Apart from Naxalbari, the leaders of the current Maoist movement were inspired by the sacrifices of their predecessors, first in Telangana and then in Srikakulam in Andhra Pradesh. In fact, the movement in Telangana took shape even before India became free.
In the Telangana region of the then princely state of Hyderabad, popular sentiment was against the Nizam, the ruler of the state. Like most of the feudal lords of British India, the Nizam ruled with an iron fist, oppressing the people he ruled. The administrative structure was feudal. The ruler and the ruling class were Muslims, the population was Hindu. Forced labour was common and the people suffered severe oppression.
Since the Nizam had banned Communist parties, the Communist leaders got together under the banner of the Andhra Mahasabha in 1946. The Niz
am tried to suppress it but was met with stiff resistance by peasants, who rose against the Nizam under the guidance of the Communist rebels. Within a year of the insurrection, the three districts of Nalgonda, Warangal and Khammam came under the control of the insurgents. A peasants' guerilla army was raised which comprised 5,000 members. The feudal landlords were driven away and their land seized.
Feudalism is one big factor that contributed to the rise of Naxalism since the beginning. In his jail diary, Naxal ideologue and poet Varavara Rao describes the plight of women working as labourers in the fields of a feudal landlord, Visunuru Deshmukh. Once the women begged him to let them off for a while to enable them to breastfeed their children who lay outside the fields.

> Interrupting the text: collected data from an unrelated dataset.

(* The family $\{\varphi_{[1],0}[\cdot-2l]\}_{l=0}^{N/2-1}\cup\{\varphi_{[1],1}[\cdot-2l]\}_{l=0}^{N/2-1}$ is an orthonormal basis of $\Pi[N]$. Consequently, for $\mu\in\{0,1\}$, letting $\mathcal C^{\mu}$ be the linear span of $\{\varphi_{[1],\mu}[\cdot-2l]\}_{l=0}^{N/2-1}$, the space $\mathcal C^{1}$ is the orthogonal complement of $\mathcal C^{0}$ in $\Pi[N]$, and the orthogonal projection of any $x\in\Pi[N]$ onto $\mathcal C^{\mu}$ is $$x^{\mu}[k]=\sum_{l=0}^{N/2-1}c^{\mu}[l]\,\varphi_{[1],\mu}[k-2l],\qquad c^{\mu}[l]=\langle x,\varphi_{[1],\mu}[\cdot-2l]\rangle=\sum_{k=0}^{N-1}\varphi_{[1],\mu}[k-2l]\,x[k].$$ Here the DFTs are explicitly $\hat\varphi_{[1],0}[n]=-i\beta[n]$ ($0<n<N/2$), $i\beta[n]$ ($N/2<n<N$), $\sqrt2$ ($n=0$), $0$ ($n=N/2$); and $\hat\varphi_{[1],1}[n]=-i\alpha[n]$ ($0<n<N/2$), $i\alpha[n]$ ($N/2<n<N$), $0$ ($n=0$), $-\sqrt2$ ($n=N/2$).
   Context: Let $N=2^{J}$ with $J\ge 1$ an integer and $\omega=e^{2\pi i/N}$. $\Pi[N]$ denotes the real vector space of real-valued $N$-periodic sequences $x=\{x[k]\}_{k\in\mathbb Z}$, with inner product $\langle x,y\rangle=\sum_{k=0}^{N-1}x[k]y[k]$. The DFT of an $N$-periodic sequence is $\hat x[n]=\sum_{k=0}^{N-1}x[k]\omega^{-kn}$, with inverse $x[k]=\frac1N\sum_{n=0}^{N-1}\hat x[n]\omega^{kn}$. Fix an integer $r\ge1$; let $U[n]=\tfrac12\big(\cos^{4r}\tfrac{\pi n}{N}+\sin^{4r}\tfrac{\pi n}{N}\big)$, $\beta[n]=\cos^{2r}\tfrac{\pi n}{N}/\sqrt{U[n]}$, $\alpha[n]=\omega^{n}\sin^{2r}\tfrac{\pi n}{N}/\sqrt{U[n]}$. The first-level wavelet packets $\psi_{[1],0},\psi_{[1],1}\in\Pi[N]$ have DFTs $\hat\psi_{[1],0}=\beta$, $\hat\psi_{[1],1}=\alpha$. Known fact (may be assumed): $\{\psi_{[1],\mu}[\cdot-2l]:\mu\in\{0,1\},\,0\le l<N/2\}$ is an orthonormal basis of $\Pi[N]$. The complementary wavelet packets $\varphi_{[1],\mu}\in\Pi[N]$ are defined by DFT $\hat\varphi_{[1],\mu}[n]=-i\hat\psi_{[1],\mu}[n]$ for $0<n<N/2$, $=i\hat\psi_{[1],\mu}[n]$ for $N/2<n<N$, and $=\hat\psi_{[1],\mu}[n]$ for $n\in\{0,N/2\}$ (indices mod $N$). *)

From Stdlib Require Import Reals Lra Lia ZArith Bool.
Open Scope R_scope.

Definition Cx : Type := (R * R)%type.
Definition Cadd (z w : Cx) : Cx := (fst z + fst w, snd z + snd w).
Definition Cmul (z w : Cx) : Cx :=
  (fst z * fst w - snd z * snd w, fst z * snd w + snd z * fst w).
Definition Cscal (a : R) (z : Cx) : Cx := (a * fst z, a * snd z).
Definition Czero : Cx := (0, 0).
Definition Cmul_negi (z : Cx) : Cx := (snd z, - fst z).
Definition Cmul_i (z : Cx) : Cx := (- snd z, fst z).
Definition cis (t : R) : Cx := (cos t, sin t).

Fixpoint rsum (n : nat) (f : nat -> R) : R :=
  match n with O => 0 | S m => rsum m f + f m end.
Fixpoint csum (n : nat) (f : nat -> Cx) : Cx :=
  match n with O => Czero | S m => Cadd (csum m f) (f m) end.

Definition Nn (J : nat) : nat := (2 ^ J)%nat.
Definition NZ (J : nat) : Z := Z.of_nat (Nn J).
Definition NR (J : nat) : R := INR (Nn J).
Definition Nhalf (J : nat) : nat := (Nn J / 2)%nat.

Definition omega_pow (J : nat) (m : Z) : Cx := cis (2 * PI * IZR m / NR J).

(* Pi[N]: real-valued N-periodic sequences indexed by Z *)
Definition periodic (J : nat) (x : Z -> R) : Prop :=
  forall k : Z, x (k + NZ J)%Z = x k.

Definition ip (J : nat) (x y : Z -> R) : R :=
  rsum (Nn J) (fun k => x (Z.of_nat k) * y (Z.of_nat k)).
(* a deviation earns at most the value of the message it is read as sending:
   against the extreme types it faces actions it cannot influence, against the
   moderate types it coordinates at best on its preferred action (after e) or
   faces a fair coin (after a moderate message of the other side) *)
Lemma dev_value_le u m1 r2 act : 0 <= u <= 1 ->
  region_avg x (dev u m1 r2 act) <= msg_value u (interp m1).
Proof.
move=> u01; have /andP[x0 x1] := x01; have /andP[u0 u1] := u01.
have [s0 sh sx s1] := sig1_regions; have [h0 hh h1 hx] := half_facts.
have [eL' eR' LR' Le [Re RL]] := msg_neq.
have := interp_in m1; rewrite !inE => /or3P[] /eqP me;
  rewrite /region_avg /dev_outcome s0 sh sx s1 me /sig2 /sigA /avg /msg_value;
  rewrite !eqxx ?(h0, hh, h1, hx, eL', eR', LR', Le, Re, RL) /=.
- have := pay_LR_le_max (act e (r2 e) e) u01.
  have := pay_le_max (act mL (r2 mL) mL) (r2 mL == mL) u01.
  have := pay_le_max (act mR (r2 mR) mR) (r2 mR != mR) u01.
  by nra.
- have := pay_L_le (act e (r2 e) mL) u1; have := pay_R_le (act e (r2 e) mR) u0.
  have := pay_L_le (act mL (r2 mL) mL) u1.
  have := pay_coin_le (act mR (r2 mR) b0) (act mR (r2 mR) b1) (r2 mR == b1) u01.
  by nra.
- have := pay_L_le (act e (r2 e) mL) u1; have := pay_R_le (act e (r2 e) mR) u0.
  have := pay_coin_le (act mL (r2 mL) b0) (act mL (r2 mL) b1) (r2 mL == b1) u01.
  have := pay_R_le (act mR (r2 mR) mR) u0.
  by nra.
Qed.

Lemma sig1_region u : 0 <= u <= 1 ->
  sig1 u = if u <= x then e else if u <= 1 / 2 then mL else if u <= 1 - x then mR else e.
Proof.
case/andP=> u0 u1; have /andP[x0 x1] := x01; rewrite /sig1.
by case: (leP u x) => ux //=; case: (leP u (1 - x)) => ux'; case: (leP u (1 / 2)) => uh //=; exfalso; lra.
Qed.

(* following the strategy, a type earns exactly the value of its own message:
   it coordinates on its preferred action whenever it sends e, and otherwise
   obtains the coordination described by msg_value *)
Lemma eq_value u : 0 <= u <= 1 -> region_avg x (eqo u) = msg_value u (sig1 u).
Proof.
move=> u01; have /andP[x0 x1] := x01; have /andP[u0 u1] := u01.
have [s0 sh sx s1] := sig1_regions; have [h0 hh h1 hx] := half_facts.
have [eL' eR' LR' Le [Re RL]] := msg_neq.
rewrite /region_avg /eq_outcome s0 sh sx s1 sig1_region // /sig2 /sigA /avg /msg_value.
rewrite max_compl_half.
case: (leP u x) => ux; case: (leP u (1 / 2)) => uh; case: (leP u (1 - x)) => ux';
  try (exfalso; lra).
all: rewrite ?interp_e ?interp_L ?interp_R.
all: rewrite ?(eqxx, h0, hh, h1, hx, eL', eR', LR', Le, Re, RL, negbTE b01) /= /pay /=.
all: rewrite ?eqxx /=; lra.
Qed.

(* each type's own round-1 message has the highest value: this is where the
   cutoff x separates extreme from moderate types *)
Lemma sig1_optimal u m : 0 <= u <= 1 -> msg_value u m <= msg_value u (sig1 u).
Proof.
move=> u01; have /andP[x0 x1] := x01; have /andP[u0 u1] := u01.
have [eL' eR' LR' Le [Re RL]] := msg_neq.
rewrite sig1_region // /msg_value max_compl_half.
case: (leP u x) => ux; case: (leP u (1 / 2)) => uh; case: (leP u (1 - x)) => ux';
  try (exfalso; lra).
all: rewrite ?eqxx ?(eL', eR', LR', Le, Re, RL) /=.
all: by case: ifP => _; [|case: ifP => _]; nra.
Qed.

Lemma no_profitable_deviation u m1 r2 act : 0 <= u <= 1 ->
  region_avg x (dev u m1 r2 act) <= region_avg x (eqo u).
Proof.
move=> u01; rewrite eq_value //.
exact: le_trans (dev_value_le m1 r2 act u01) (sig1_optimal _ u01).
Qed.

End Strategy.

Lemma dev_region_const (R : realType) (M : finType) (x : R) (e mL mR b0 b1 d : M)
    u m1 r2 act : region_const x (dev_outcome x e mL mR b0 b1 d u m1 r2 act).
Proof. by move=> v w h1 h2 h3; rewrite /dev_outcome /sig1 /sig2 /sigA h1 h2 h3. Qed.

Lemma eq_region_const (R : realType) (M : finType) (x : R) (e mL mR b0 b1 d : M) u :
  region_const x (eq_outcome x e mL mR b0 b1 d u).
Proof. by move=> v w h1 h2 h3; rewrite /eq_outcome /sig1 /sig2 /sigA h1 h2 h3. Qed.

Theorem mainTheorem10 (R : realType) (M : finType) (f : R -> R) :
  measurable_fun (`[0%R, 1%R] : set R) f ->
  (forall t : R, 0 <= t <= 1 -> 0 < f t) ->
  (\int[@lebesgue_measure R]_(t in `[0%R, 1%R]) (f t)%:E)%E = 1%E ->
  (forall y : R, 0 <= y <= 1 -> density_cdf f y = 1 - density_cdf f (1 - y)) ->
  (4 <= #|M|)%N ->
  forall e mL mR b0 b1 d : M,
    e != mL -> e != mR -> mL != mR -> b0 != b1 ->
    d \in [:: e; mL; mR] ->
  exists x : R, 0 < x < 1 / 2 /\ sigma_ex_BNE f x e mL mR b0 b1 d.
Proof.
move=> mf fpos f1 sym _ e mL mR b0 b1 d eL eR LR b01 d_in.
have [x [x0 x1 cut]] := exists_cutoff mf fpos f1 sym.
have x01 : 0 < x < 1 / 2 by rewrite x0 x1.
exists x; split => // u u01 m1 r2 act.
have EUavg := EU_region_avg mf fpos f1 sym x01 cut.
have dev0 v : 0 <= dev_outcome x e mL mR b0 b1 d u m1 r2 act v.
  by apply: avg_ge0 => r; apply: pay_ge0.
have eq0 v : 0 <= eq_outcome x e mL mR b0 b1 d u v.
  by apply: avg_ge0 => r; apply: avg_ge0 => r'; apply: pay_ge0.
rewrite (EUavg _ (@dev_region_const R M x e mL mR b0 b1 d u m1 r2 act) dev0).
rewrite (EUavg _ (@eq_region_const R M x e mL mR b0 b1 d u) eq0) lee_fin.
by apply: no_profitable_deviation.
Qed.
Theorem theorem3p25 (fA fB : Z -> R)
  (hA : bounded_alternating fA) (hB : bounded_alternating fB) :
  exists Phi : word -> R,
    (forall g : word, reduced g ->
       infinite_sum (fun n => series_term fA fB (S n) g) (Phi g)) /\
    is_quasimorphism Phi /\
    bounded_distance (split_qm fA fB) Phi /\
    (forall g : word, reduced g ->
       exists (l : R) (ca cb : nat -> R),
         homog (split_qm fA fB) g l /\
         (forall k : nat, homog (Ca k) g (ca k) /\ homog (Cb k) g (cb k)) /\
         infinite_sum
           (fun n => fA (Z.of_nat (S n)) * ca (S n) + fB (Z.of_nat (S n)) * cb (S n)) l) /\
    (finitely_supported fA -> finitely_supported fB ->
       exists L : list (word * R),
         (forall p, In p L -> reduced (fst p)) /\
         bounded_distance (split_qm fA fB) (lin_comb L)).
Proof.
  destruct hA as [[MA HMA] altA], hB as [[MB HMB] altB].
  set (M := Rmax MA MB).
  assert (HA : forall k, Rabs (fA k) <= M) by (intro; eapply Rle_trans; [apply HMA|apply Rmax_l]).
  assert (HB : forall k, Rabs (fB k) <= M) by (intro; eapply Rle_trans; [apply HMB|apply Rmax_r]).
  pose proof (syllable_value_le fA fB M HA HB) as Hval.
  exists (interior_sum fA fB). split; [|split; [|split; [|split]]].
  - exact (series_term_infinite_sum fA fB altA altB).
  - exists (15 * M). exact (interior_sum_defect fA fB M Hval altA altB).
  - exists (2 * M). intros g _. exact (split_qm_interior_sum_dist fA fB M Hval g).
  - intros g Hg.
    destruct (homog_exists (split_qm fA fB) g) as [l Hl].
    { exists (9 * M). exact (split_qm_defect fA fB M Hval altA altB). }
    exists l, (fun k => proj1_sig (homog_exists _ g (Ca_defect k))),
      (fun k => proj1_sig (homog_exists _ g (Cb_defect k))).
    split; [exact Hl|split; [intro k; split; apply proj2_sig|]].
    exact (hat_series fA fB altA altB M HA HB g _ _ l (fun k => proj2_sig _)
             (fun k => proj2_sig _) Hl).
  - intros [NA HNA] [NB HNB]. set (K := Z.to_nat (Z.max NA NB)).
    exists (sandwich_list fA fB K). split; [apply sandwich_list_reduced|].
    exists (2 * M). intros w Hw.
    rewrite lin_comb_sandwich_list, (partial_sum_vanishing_tail fA fB K w altA altB Hw)
      by (intros k Hk; split; [apply HNA|apply HNB]; unfold K in Hk; lia).
    exact (split_qm_interior_sum_dist fA fB M Hval w).
Qed.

He is believed to have ordered them to fill a few earthen pots with their milk. Then he snatched away the pots and threw that milk over his fields.
By mid 1948, about one-sixth of the Telangana region had come under the control of Communist guerillas. In 1948, the Indian state sent its army to tackle the Nizam and overthrow him. Hyderabad was made a part of the Indian dominion.
With the the entry of the Indian Army in Telangana in September 1948, the Communist rebels were faced with several questions. Should the armed struggle be continued as a war of liberation against the troops? Who would then be the allies in such a struggle? Till now the middle-level peasants and the small capitalists had been supporting the anti-Nizam struggle; but now would they support the Indian government hoping for a better future in the Indian Union? This created a division among the Communists. While one section favoured the withdrawal of the armed struggle, the other wanted it to continue against the Indian Army. In 1951, the Communist rebels withdrew the struggle, leaving the poor sections of the rural population in the lurch. This division led to the military weakness of the rebels.